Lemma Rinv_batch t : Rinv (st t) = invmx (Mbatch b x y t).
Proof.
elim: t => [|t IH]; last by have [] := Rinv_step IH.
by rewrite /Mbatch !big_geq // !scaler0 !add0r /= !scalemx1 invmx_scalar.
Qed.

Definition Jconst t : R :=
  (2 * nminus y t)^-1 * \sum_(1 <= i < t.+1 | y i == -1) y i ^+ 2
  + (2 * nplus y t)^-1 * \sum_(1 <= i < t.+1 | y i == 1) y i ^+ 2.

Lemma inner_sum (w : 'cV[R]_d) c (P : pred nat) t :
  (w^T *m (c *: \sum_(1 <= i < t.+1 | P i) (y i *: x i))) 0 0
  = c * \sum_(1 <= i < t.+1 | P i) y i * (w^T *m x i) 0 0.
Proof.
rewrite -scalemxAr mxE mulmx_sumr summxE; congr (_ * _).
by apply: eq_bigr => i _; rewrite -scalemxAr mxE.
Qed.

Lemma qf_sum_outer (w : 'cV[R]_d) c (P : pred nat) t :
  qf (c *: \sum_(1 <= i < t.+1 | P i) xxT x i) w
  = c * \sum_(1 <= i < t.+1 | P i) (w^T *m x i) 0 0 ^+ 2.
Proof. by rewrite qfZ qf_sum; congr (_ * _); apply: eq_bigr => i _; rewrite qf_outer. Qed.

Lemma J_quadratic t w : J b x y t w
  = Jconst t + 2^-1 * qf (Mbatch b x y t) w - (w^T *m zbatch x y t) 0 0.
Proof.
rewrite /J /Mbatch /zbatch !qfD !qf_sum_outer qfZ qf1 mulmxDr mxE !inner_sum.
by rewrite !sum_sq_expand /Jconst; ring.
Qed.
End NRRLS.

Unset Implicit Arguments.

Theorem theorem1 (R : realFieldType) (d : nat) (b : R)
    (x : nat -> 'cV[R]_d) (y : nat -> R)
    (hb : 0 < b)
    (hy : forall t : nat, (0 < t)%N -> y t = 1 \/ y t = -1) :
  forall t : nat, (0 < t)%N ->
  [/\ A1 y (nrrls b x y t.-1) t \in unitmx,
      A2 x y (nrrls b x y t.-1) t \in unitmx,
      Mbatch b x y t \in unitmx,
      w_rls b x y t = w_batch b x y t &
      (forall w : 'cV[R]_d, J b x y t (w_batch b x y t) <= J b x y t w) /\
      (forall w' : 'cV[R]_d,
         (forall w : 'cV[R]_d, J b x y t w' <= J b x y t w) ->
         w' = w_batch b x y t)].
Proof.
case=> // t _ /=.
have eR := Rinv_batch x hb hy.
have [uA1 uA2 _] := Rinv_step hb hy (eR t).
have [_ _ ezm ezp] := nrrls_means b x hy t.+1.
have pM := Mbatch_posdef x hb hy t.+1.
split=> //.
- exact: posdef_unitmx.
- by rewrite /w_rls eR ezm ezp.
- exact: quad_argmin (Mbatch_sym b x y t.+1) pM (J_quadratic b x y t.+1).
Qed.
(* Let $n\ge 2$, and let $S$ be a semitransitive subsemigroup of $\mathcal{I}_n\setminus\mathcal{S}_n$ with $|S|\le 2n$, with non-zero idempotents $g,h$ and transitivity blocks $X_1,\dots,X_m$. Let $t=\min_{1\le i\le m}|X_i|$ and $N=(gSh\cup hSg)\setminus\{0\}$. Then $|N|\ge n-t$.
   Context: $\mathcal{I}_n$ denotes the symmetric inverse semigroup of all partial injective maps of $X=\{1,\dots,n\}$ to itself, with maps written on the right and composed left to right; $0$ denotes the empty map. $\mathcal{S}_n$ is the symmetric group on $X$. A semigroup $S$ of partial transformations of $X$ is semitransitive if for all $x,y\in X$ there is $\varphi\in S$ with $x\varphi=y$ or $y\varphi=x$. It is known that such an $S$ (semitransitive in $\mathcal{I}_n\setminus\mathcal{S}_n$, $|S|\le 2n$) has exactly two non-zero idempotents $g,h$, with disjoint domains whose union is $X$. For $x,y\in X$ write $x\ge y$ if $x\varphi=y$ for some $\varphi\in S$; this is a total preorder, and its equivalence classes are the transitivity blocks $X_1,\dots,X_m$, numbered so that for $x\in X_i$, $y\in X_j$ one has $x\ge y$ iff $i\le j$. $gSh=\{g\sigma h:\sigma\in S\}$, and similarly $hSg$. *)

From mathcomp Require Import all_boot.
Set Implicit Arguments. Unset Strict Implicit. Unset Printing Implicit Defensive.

_ _ _ _ _ _ _

▸ **What the exercise asks**: Retype the data in full, exactly.

▸ **Finished exercise**:
Lemma Rinv_batch t : Rinv (st t) = invmx (Mbatch b x y t).
Proof.
elim: t => [|t IH]; last by have [] := Rinv_step IH.
by rewrite /Mbatch !big_geq // !scaler0 !add0r /= !scalemx1 invmx_scalar.
Qed.

Definition Jconst t : R :=
  (2 * nminus y t)^-1 * \sum_(1 <= i < t.+1 | y i == -1) y i ^+ 2
  + (2 * nplus y t)^-1 * \sum_(1 <= i < t.+1 | y i == 1) y i ^+ 2.

Lemma inner_sum (w : 'cV[R]_d) c (P : pred nat) t :
  (w^T *m (c *: \sum_(1 <= i < t.+1 | P i) (y i *: x i))) 0 0
  = c * \sum_(1 <= i < t.+1 | P i) y i * (w^T *m x i) 0 0.
Proof.
rewrite -scalemxAr mxE mulmx_sumr summxE; congr (_ * _).
by apply: eq_bigr => i _; rewrite -scalemxAr mxE.
Qed.

Lemma qf_sum_outer (w : 'cV[R]_d) c (P : pred nat) t :
  qf (c *: \sum_(1 <= i < t.+1 | P i) xxT x i) w
  = c * \sum_(1 <= i < t.+1 | P i) (w^T *m x i) 0 0 ^+ 2.
Proof. by rewrite qfZ qf_sum; congr (_ * _); apply: eq_bigr => i _; rewrite qf_outer. Qed.

Lemma J_quadratic t w : J b x y t w
  = Jconst t + 2^-1 * qf (Mbatch b x y t) w - (w^T *m zbatch x y t) 0 0.
Proof.
rewrite /J /Mbatch /zbatch !qfD !qf_sum_outer qfZ qf1 mulmxDr mxE !inner_sum.
by rewrite !sum_sq_expand /Jconst; ring.
Qed.
End NRRLS.

Unset Implicit Arguments.

Theorem theorem1 (R : realFieldType) (d : nat) (b : R)
    (x : nat -> 'cV[R]_d) (y : nat -> R)
    (hb : 0 < b)
    (hy : forall t : nat, (0 < t)%N -> y t = 1 \/ y t = -1) :
  forall t : nat, (0 < t)%N ->
  [/\ A1 y (nrrls b x y t.-1) t \in unitmx,
      A2 x y (nrrls b x y t.-1) t \in unitmx,
      Mbatch b x y t \in unitmx,
      w_rls b x y t = w_batch b x y t &
      (forall w : 'cV[R]_d, J b x y t (w_batch b x y t) <= J b x y t w) /\
      (forall w' : 'cV[R]_d,
         (forall w : 'cV[R]_d, J b x y t w' <= J b x y t w) ->
         w' = w_batch b x y t)].
Proof.
case=> // t _ /=.
have eR := Rinv_batch x hb hy.
have [uA1 uA2 _] := Rinv_step hb hy (eR t).
have [_ _ ezm ezp] := nrrls_means b x hy t.+1.
have pM := Mbatch_posdef x hb hy t.+1.
split=> //.
- exact: posdef_unitmx.
- by rewrite /w_rls eR ezm ezp.
- exact: quad_argmin (Mbatch_sym b x y t.+1) pM (J_quadratic b x y t.+1).
Qed.
(* Let $n\ge 2$, and let $S$ be a semitransitive subsemigroup of $\mathcal{I}_n\setminus\mathcal{S}_n$ with $|S|\le 2n$, with non-zero idempotents $g,h$ and transitivity blocks $X_1,\dots,X_m$. Let $t=\min_{1\le i\le m}|X_i|$ and $N=(gSh\cup hSg)\setminus\{0\}$. Then $|N|\ge n-t$.
   Context: $\mathcal{I}_n$ denotes the symmetric inverse semigroup of all partial injective maps of $X=\{1,\dots,n\}$ to itself, with maps written on the right and composed left to right; $0$ denotes the empty map. $\mathcal{S}_n$ is the symmetric group on $X$. A semigroup $S$ of partial transformations of $X$ is semitransitive if for all $x,y\in X$ there is $\varphi\in S$ with $x\varphi=y$ or $y\varphi=x$. It is known that such an $S$ (semitransitive in $\mathcal{I}_n\setminus\mathcal{S}_n$, $|S|\le 2n$) has exactly two non-zero idempotents $g,h$, with disjoint domains whose union is $X$. For $x,y\in X$ write $x\ge y$ if $x\varphi=y$ for some $\varphi\in S$; this is a total preorder, and its equivalence classes are the transitivity blocks $X_1,\dots,X_m$, numbered so that for $x\in X_i$, $y\in X_j$ one has $x\ge y$ iff $i\le j$. $gSh=\{g\sigma h:\sigma\in S\}$, and similarly $hSg$. *)

From mathcomp Require Import all_boot.
Set Implicit Arguments. Unset Strict Implicit. Unset Printing Implicit Defensive.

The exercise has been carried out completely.